Trump "Privatizes" America

SHARMINI PERIES: Michael, the American Society of Civil Engineers agrees with you that this is inadequate in terms of funding, that the Trump plan is just not sufficient. In fact, it needs, they say, just to deal with the backlog a $4.6-trillion investment by 2025 and Trump's plan doesn't even come close. What do you make of this?
MICHAEL HUDSON: Well, to begin with, Trump's plan would triple the cost of what the engineers say to $22 trillion and the reason is that it's a Thatcherite privatization plan. Trump's plan reverses the last 150 years of public infrastructure. And in fact, it's the biggest attack on industrial capitalism in over 100 years, more serious than a socialist attack. 
Now, America's first professor of economics at the first business school, Simon Patten, said public infrastructure is a fourth factor of production, but unlike labor, land, and capital, the role of public infrastructure is not to make a profit. It's to provide public services that are basic for the economy's living standards and capacity to produce at a subsidized rate. So, America got rich and came to dominate the world industrial economy by subsidizing all of the basic costs.

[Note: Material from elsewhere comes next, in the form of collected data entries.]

(* Let $f:\mathbb{R}^n\to\mathbb{R}$ be a continuously differentiable convex function. Let $D_1,\dots,D_p$ and $H_1,\dots,H_p$ be diagonal matrices, each $H_i$ with nonnegative diagonal entries, such that for each $i$, $f(y)\le f(x)+\nabla f(x)^T(y-x)+\tfrac12\|y-x\|_{H_i}^2$ for all $x,y\in\mathbb{R}^n$, and $D_i\succ H_i$. Let $(x_{k,m})_{k\ge1,\,0\le m\le p}$ be generated by the CIWHT method with $\mathcal{D}=(D_1,\dots,D_p)$. Then every limit point $\bar x$ of the sequence of iterates $(x_{k,m})_{k\ge 1,\,1\le m\le p}$ (ordered lexicographically in $(k,m)$) is $D_i$-stationary for every $i=1,\dots,p$.
   Context: $\|z\|_A^2=z^TAz$. $C_s=\{x\in\mathbb{R}^n:\|x\|_0\le s\}$ for a positive integer $s$, where $\|x\|_0$ is the number of nonzero entries. $\mathcal{P}_{C_s}(z)=\operatorname{argmin}_{y\in C_s}\|y-z\|_2^2$ (set-valued). CIWHT (Cyclic Iterative Weighted Hard Thresholding): given an initial point $x_{1,0}\in C_s$; for $k=1,2,\dots$, for $m=1,\dots,p$, pick $y_{k,m}\in\mathcal{P}_{C_s}\big(D_m^{1/2}x_{k,m-1}-D_m^{-1/2}\nabla f(x_{k,m-1})\big)$ and set $x_{k,m}=D_m^{-1/2}y_{k,m}$; then set $x_{k+1,0}=x_{k,p}$. For a diagonal $D\succ0$, a point $x\in C_s$ is $D$-stationary if $x\in D^{-1/2}\mathcal{P}_{C_s}\big(D^{1/2}x-D^{-1/2}\nabla f(x)\big)$. *)

From HB Require Import structures.
From mathcomp Require Import all_boot all_order all_algebra.
From mathcomp Require Import all_classical all_reals all_analysis.
Set Implicit Arguments. Unset Strict Implicit. Unset Printing Implicit Defensive.
Import Order.TTheory GRing.Theory Num.Theory.
Import numFieldNormedType.Exports.
Local Open Scope ring_scope.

Low-cost roads, low-cost infrastructure. The government bore these costs so that, in effect, public infrastructure subsidizes the economy to lower the cost of production. 
Trump's plan is to vastly increase it because he forces all of this into the marketplace. Instead of offering, say, roads at the cost of production, he'd actually triple the cost of production by insisting that it be privately financed, probably by hedge funds and by bank credit that would add the interest charges, the capital gains charges, the management fees, the oversight charges and the fines for criminal fraud that goes with it by factoring all these prices into the cost.